Good projects rely on hypothesis – both in science and engineering design. What is the key, then, to formulating winning hypothesis questions? Mrs. Jelica Campos, a teacher at St. Bonaventure School in Orange County (and also an instructor at the OCSEF Academy) gives us the perfect step by step on how to do this. Spoiler alert: to her, it’s a combination of good data and a lot of trial and error.
When asked an example of how to propose the best hypothesis about “predicting which bridge will be the strongest?” Mrs. Campos said first you must ask yourself “which bridge will hold the most weight? That is your first question,” and then you need a title which will be “The Strongest Bridge.” Asking yourself for different alternatives will add to your depth in thinking and creativity when designing and implementing your hypothesis.

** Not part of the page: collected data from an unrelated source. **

Lemma Rabs_ln_rgamma_ratio_le (x : R) (n : nat) : 2 * Rabs x <= INR n ->
  Rabs (ln (rgamma_ratio x n)) <=
  (2 * x * x + Rabs x) / (INR n + 1) - (2 * x * x + Rabs x) / (INR (S n) + 1).
Proof.
  intros Hn. rewrite ln_rgamma_ratio by exact Hn.
  pose proof (pos_INR n).
  eapply Rle_trans; [apply ln_ratio_estimate |].
  - apply lt_0_INR. lia.
  - apply S_INR.
  - rewrite !S_INR. pose proof (Rle_abs (- x)). rewrite Rabs_Ropp in *. lra.
  - rewrite !S_INR. right. field. lra.
Qed.

Lemma rgamma_seq_cv (x : R) :
  exists l, Un_cv (rgamma_seq x) l /\ (not_nonpos_int x -> l <> 0).
Proof.
  destruct (classic (exists k, x = - INR k)) as [[k ->]|Hpole].
  - exists 0. split.
    + apply (Un_cv_eventually_ext (fun _ => 0) _ k); [| apply Un_cv_const].
      intros n Hn. symmetry. apply rgamma_seq_eventually_0, Hn.
    + intros H. exfalso. exact (H k eq_refl).
  - assert (hx : not_nonpos_int x) by (intros k E; apply Hpole; eauto).
    destruct (INR_archimed 1 (2 * Rabs x) ltac:(lra)) as [N HN]. rewrite Rmult_1_r in HN.
    assert (HNn : forall n, (N <= n)%nat -> 2 * Rabs x <= INR n).
    { intros n Hn. apply le_INR in Hn. lra. }
    destruct (Un_cv_nonzero_of_ln_Rabs (rgamma_seq x) N) as [l [Hl Hl0]].
    + intros n. apply rgamma_seq_neq0, hx.
    + intros n Hn. rewrite rgamma_seq_S.
      pose proof (rgamma_ratio_pos x n (HNn n Hn)).
      assert (0 < rgamma_seq x n * rgamma_seq x n).
      { pose proof (rgamma_seq_neq0 x n hx). nra. }
      nra.
    + set (K := 2 * x * x + Rabs x).
      apply (Un_cv_telescoping_bound _ (fun n => K / (INR n + 1)) N).
      * intros n Hn. rewrite rgamma_seq_S, Rabs_mult.
        rewrite (Rabs_pos_eq (rgamma_ratio x n)) by (left; apply rgamma_ratio_pos, HNn, Hn).
        rewrite ln_mult
          by (try apply Rabs_pos_lt, rgamma_seq_neq0, hx; apply rgamma_ratio_pos, HNn, Hn).
        replace (ln (Rabs (rgamma_seq x n)) + ln (rgamma_ratio x n) - ln (Rabs (rgamma_seq x n)))
          with (ln (rgamma_ratio x n)) by ring.
        apply Rabs_ln_rgamma_ratio_le, HNn, Hn.
      * intros n _. apply Rle_mult_inv_pos.
        -- unfold K. pose proof (Rabs_pos x). nra.
        -- pose proof (pos_INR n). lra.
    + exists l. split; [exact Hl | intros _; exact Hl0].
Qed.

Definition hyp21_term (a b c : R) (n : nat) : R :=
  poch a n * poch b n / (poch c n * INR (fact n)).

Definition poch_ratio (p : R) (n : nat) : R := poch p n / poch (p + 1) n.

Lemma hyp21_term_0 (a b c : R) : hyp21_term a b c 0 = 1.
Proof. unfold hyp21_term. simpl. field. Qed.

Lemma hyp21_term_S (a b c : R) (n : nat) : not_nonpos_int c ->
  hyp21_term a b c (S n) =
  hyp21_term a b c n * ((a + INR n) * (b + INR n) / ((c + INR n) * INR (S n))).
Proof.
  intros hc. unfold hyp21_term. rewrite !poch_S, fact_simpl, mult_INR.
  pose proof (poch_neq0 c n hc). pose proof (INR_fact_lt_0 n).
  assert (c + INR n <> 0) by (intro E; apply (hc n); lra).
  assert (INR (S n) > 0) by (apply lt_0_INR; lia).
  field. repeat split; lra.
Qed.

Lemma hyp21_term_plus_1 (a b c : R) (n : nat) : not_nonpos_int c ->
  hyp21_term a b (c + 1) n = hyp21_term a b c n * (c / (c + INR n)).
Proof.
  intros hc. unfold hyp21_term.
  pose proof (poch_S_l c n) as Hs. rewrite poch_S in Hs.
  pose proof (poch_neq0 c n hc). pose proof (INR_fact_lt_0 n).
  assert (c + INR n <> 0) by (intro E; apply (hc n); lra).
  assert (c <> 0) by (intro E; apply (hc O); simpl; lra).
  assert (Hp : poch (c + 1) n = poch c n * (c + INR n) / c) by (rewrite Hs; field; assumption).
  rewrite Hp. field. repeat split; lra.
Qed.

Lemma poch_ratio_0 (p : R) : poch_ratio p 0 = 1.
Proof. unfold poch_ratio. simpl. field. Qed.

Lemma poch_ratio_S (p : R) (n : nat) : p + 1 > 0 -> poch_ratio p (S n) = p / (p + INR (S n)).
Proof.
  intros Hp. unfold poch_ratio. rewrite poch_S_l, (poch_S (p + 1) n), S_INR.
  pose proof (poch_pos (p + 1) n Hp). pose proof (pos_INR n).
  field. split; lra.
Qed.

Lemma hyp32_term_eq (a b c p : R) (n : nat) : p + 1 > 0 -> not_nonpos_int c ->
  hyp32_term a b p c (p + 1) n = hyp21_term a b c n * poch_ratio p n.
Proof.
  intros Hp hc. unfold hyp32_term, hyp21_term, poch_ratio.
  pose proof (poch_neq0 c n hc). pose proof (INR_fact_lt_0 n). pose proof (poch_pos (p + 1) n Hp).
  field. repeat split; lra.
Qed.

Lemma hyp32_at1_of_Un_cv (a b c p l : R) : p + 1 > 0 -> not_nonpos_int c ->
  Un_cv (sum_f_R0 (fun n => hyp21_term a b c n * poch_ratio p n)) l ->
  hyp32_at1 a b p c (p + 1) = l.
Proof.
  intros Hp hc H.
  assert (H' : Un_cv (fun N => sum_f_R0 (hyp32_term a b p c (p + 1)) N) l).
  { apply (Un_cv_eventually_ext (sum_f_R0 (fun n => hyp21_term a b c n * poch_ratio p n)) _ 0);
      [| exact H].
    intros N _. apply sum_eq. intros i _. symmetry. apply hyp32_term_eq; assumption. }
  unfold hyp32_at1. eapply UL_sequence; [| exact H'].
  exact (epsilon_spec (inhabits 0) (fun l => Un_cv (fun N => sum_f_R0 (hyp32_term a b p c (p + 1)) N) l)
     (ex_intro _ l H')).
Qed.

Lemma eventually_pos_plus_INR (x : R) : exists N, forall n, (N <= n)%nat -> 0 < x + INR n.
Proof.
  destruct (INR_archimed 1 (Rabs x + 1) ltac:(lra)) as [N HN]. rewrite Rmult_1_r in HN.
  exists N. intros n Hn. apply le_INR in Hn.
  pose proof (Rle_abs (- x)). rewrite Rabs_Ropp in *. lra.
Qed.
Lemma ipNl x z : ip (- x) z = - ip x z.
Proof. by rewrite -scaleN1r ipZl mulN1r. Qed.

Lemma ipBl x y z : ip (x - y) z = ip x z - ip y z.
Proof. by rewrite ipDl ipNl. Qed.

Lemma ip_conj x y : ip y x = ((ip x y)^*)%C.
Proof. by case: hip => _ + _ _; apply. Qed.

Lemma ipDr z x y : ip z (x + y) = ip z x + ip z y.
Proof. by rewrite ip_conj ipDl rmorphD /= -!ip_conj. Qed.

Lemma ipZr z al x : ip z (al *: x) = (al^*)%C * ip z x.
Proof. by rewrite ip_conj ipZl rmorphM /= -ip_conj. Qed.

Lemma ipNr z x : ip z (- x) = - ip z x.
Proof. by rewrite ip_conj ipNl rmorphN /= -ip_conj. Qed.

Lemma ipBr z x y : ip z (x - y) = ip z x - ip z y.
Proof. by rewrite ipDr ipNr. Qed.

Lemma Re_ipC x y : Re (ip y x) = Re (ip x y).
Proof. by rewrite ip_conj; case: (ip x y). Qed.

Lemma Re_ipZl (t : R) x y : Re (ip (t%:C%C *: x) y) = t * Re (ip x y).
Proof. by rewrite ipZl Re_realM. Qed.

Lemma Re_ipZr (t : R) x y : Re (ip x (t%:C%C *: y)) = t * Re (ip x y).
Proof. by rewrite ipZr conjc_real Re_realM. Qed.

Lemma Re_ip_self_ge0 x : 0 <= Re (ip x x).
Proof. by case: hip => _ _ /(_ x) + _; rewrite lecE => /andP[]. Qed.

Lemma hnorm_sqr x : nrm x ^+ 2 = Re (ip x x).
Proof. by rewrite sqr_sqrtr // Re_ip_self_ge0. Qed.

Lemma hnorm_ge0 x : 0 <= nrm x.
Proof. exact: sqrtr_ge0. Qed.

Lemma hnorm_eq0 x : nrm x = 0 -> x = 0.
Proof.
move=> /eqP; rewrite sqrtr_eq0 => Re_le0; case: hip => _ _ ge0; apply.
apply/eqP; rewrite eq_complex (ger0_Im (ge0 x)) eqxx andbT.
by rewrite eq_le Re_le0 Re_ip_self_ge0.
Qed.
(* (Ordered SDC Resolution Completeness.) Let $N$ be a set of MSL(SDC) clauses that is saturated up to redundancy with respect to SDC-Resolution and SDC-Factoring (with the atom ordering $\prec$ and selection function $\mathrm{sel}$ below). Then $N$ is unsatisfiable if and only if $\square\in\mathrm{ground}(N)$. Moreover, if $\square\notin\mathrm{ground}(N)$, then the partial model $I_N$ satisfies $N$.
   Context: Clauses: a clause is written $\Gamma\rightarrow\Delta$ where $\Gamma,\Delta$ are finite multisets of atoms (negative resp. positive literals); $\square$ is the empty clause. Terms: a variable and a constant are straight; $f(s_1,\dots,s_n)$ is straight if $s_1,\dots,s_n$ are pairwise distinct variables except for at most one argument $s_i$ that is straight. Depth of variables/constants is $0$, depth$(f(s_1,\dots,s_n))=1+\max_i$ depth$(s_i)$; shallow = depth at most 1; linear = no variable occurs twice; complex = not a variable. Straight dismatching constraints (SDCs): an atomic SDC is $t\neq s$ with $s,t$ variable-disjoint and $s$ straight; an SDC $\pi=\bigwedge_i t_i\neq s_i$ is a finite conjunction of these. $\pi\sigma=\bigwedge_i t_i\sigma\neq s_i$. A solution of $\pi$ is a grounding substitution $\delta$ such that no $t_i\delta$ is an instance of $s_i$; solvable = has a solution. $\mathrm{norm}(\pi)$ is the normal form under: $\pi\wedge f(\vec t)\neq y\to\bot$; $\pi\wedge f(\vec t)\neq f(y_1,\dots,y_n)\to\bot$ ($y_j$ variables); $\pi\wedge f(t_1,\dots,t_n)\neq f(s_1,\dots,s_n)\to\pi\wedge t_i\neq s_i$ if $s_i$ is complex; $\pi\wedge f(\vec t)\neq g(\vec s)\to\pi$ for $f\neq g$; $\pi\wedge x\neq s\wedge x\neq s\sigma\to\pi\wedge x\neq s$. Constrained clauses $(C;\pi)$: ground instances are $C\delta$ with $\delta$ a solution of $\pi$ grounding all variables of $C$ and of the left-hand sides of $\pi$; $\mathrm{ground}(N)$ is the union over $N$. A Herbrand interpretation $I$ is a set of ground atoms; $I\models\Gamma\rightarrow\Delta$ (ground) iff $\Delta\cap I\neq\emptyset$ or $\Gamma\not\subseteq I$; $I\models(C;\pi)$ iff $I$ satisfies all its ground instances; $N$ is satisfiable iff it has a Herbrand model. MSL(SDC) clause: $(C;\pi)$ with $\pi$ an SDC and $C=\Gamma\rightarrow\Delta$ such that (i) all argument terms in $\Delta$ are shallow, each atom of $\Delta$ is linear and distinct atoms of $\Delta$ are variable-disjoint, (ii) all predicates are monadic, (iii) no equations in $\Delta$, (iv) no equations in $\Gamma$, or $\Gamma=\{s\approx t\}$, $\Delta$ empty and $s,t$ non-unifiable. Ordering: $\prec$ is an atom ordering (irreflexive, well-founded, total on ground atoms), extended to literals ($A\mapsto\{A\}$, $\neg A\mapsto\{A,A\}$, multiset extension) and to ground clauses (multiset extension); for ground atoms $Q(s)$, $P(t)$ with $s$ a proper subterm of $t$, $\neg Q(s)$ is not greater than $P(t)$. For a set $M$ of ground clauses, $M^{\prec C}=\{D\in M\mid D\prec C\}$. A literal $A$ is maximal [strictly maximal] in $(C\vee A;\pi)$ if some solution $\delta$ of $\pi$ gives $B\delta\preceq A\delta$ [$B\delta\prec A\delta$] for all literals $B$ of $C$. Selection: for $(S_1(t_1),\dots,S_n(t_n)\rightarrow P_1(s_1),\dots,P_m(s_m);\pi)$, $\mathrm{sel}(C)$ consists of those $S_i(t_i)$ with (1) $t_i$ not a variable, or (2) all $t_1,\dots,t_n$ variables and $t_i\notin\mathrm{vars}(s_1,\dots,s_m)$, or (3) $\{t_1,\dots,t_n\}\subseteq\mathrm{vars}(s_1,\dots,s_m)$ and $s_j=t_i$ for some $j$. SDC-Resolution: from variable-disjoint $(\Gamma_1\rightarrow\Delta_1,A;\pi_1)$, $(\Gamma_2,B\rightarrow\Delta_2;\pi_2)$ infer $((\Gamma_1,\Gamma_2\rightarrow\Delta_1,\Delta_2)\sigma;\mathrm{norm}((\pi_1\wedge\pi_2)\sigma))$ if $\sigma=\mathrm{mgu}(A,B)$, $\mathrm{norm}((\pi_1\wedge\pi_2)\sigma)$ is solvable, $A\sigma$ is strictly maximal in $(\Gamma_1\rightarrow\Delta_1,A;\pi_1)\sigma$ and $\mathrm{sel}(\Gamma_1\rightarrow\Delta_1,A)=\emptyset$, and either $B\in\mathrm{sel}(\Gamma_2,B\rightarrow\Delta_2)$ or ($\mathrm{sel}(\Gamma_2,B\rightarrow\Delta_2)=\emptyset$ and $\neg B\sigma$ is maximal in $(\Gamma_2,B\rightarrow\Delta_2;\pi_2)\sigma$). SDC-Factoring: from $(\Gamma\rightarrow\Delta,A,B;\pi)$ infer $((\Gamma\rightarrow\Delta,A)\sigma;\mathrm{norm}(\pi\sigma))$ if $\sigma=\mathrm{mgu}(A,B)$, $\mathrm{sel}(\Gamma\rightarrow\Delta,A,B)=\emptyset$, $A\sigma$ is maximal in $(\Gamma\rightarrow\Delta,A,B;\pi)\sigma$, and $\mathrm{norm}(\pi\sigma)$ is solvable. Redundancy and saturation: $(C;\pi)$ is redundant in $N$ if for every $D\in\mathrm{ground}((C;\pi))$ there are $D_1,\dots,D_n\in\mathrm{ground}(N)^{\prec D}$ with $D_1,\dots,D_n\models D$. $N$ is saturated up to redundancy if for every SDC-Resolution or SDC-Factoring inference from clauses of $N$ the conclusion $(R;\pi)$ is redundant in $N$ or $\mathrm{ground}((R;\pi))\subseteq\mathrm{ground}(N)$. Partial model: for $C\in\mathrm{ground}(N)$ let $I_C=\bigcup\{\delta_D\mid D\in\mathrm{ground}(N),D\prec C\}$, where $\delta_D=\{A\}$ if $D=\Gamma\rightarrow\Delta,A$ with $A$ strictly maximal in $D$, $\mathrm{sel}(D)=\emptyset$ and $I_D\not\models D$, and $\delta_D=\emptyset$ otherwise (for a ground instance $D=C'\delta$ of $(C';\pi')\in N$, $\mathrm{sel}(D)$ means $\mathrm{sel}(C')\delta$). $I_N=\bigcup_{C\in\mathrm{ground}(N)}\delta_C$. *)

From Stdlib Require Import List Relations Permutation.
Import ListNotations.
Set Implicit Arguments.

“After building various bridges such as arch, cable-stayed, suspension, or cantilever bridges (small-scale, of course), you must test each bridge at least 20x with various weights, recording it all on your data table!” Mrs. Campos. So now that we have tested our hypothesis and recorded all of our data, we have to write the conclusion.
“If your hypothesis was wrong, no worries,” she adds, “many students experience this. Just explain why it was wrong, do a research report by obtaining info from books or a scientific magazine, and try to avoid getting all information online!”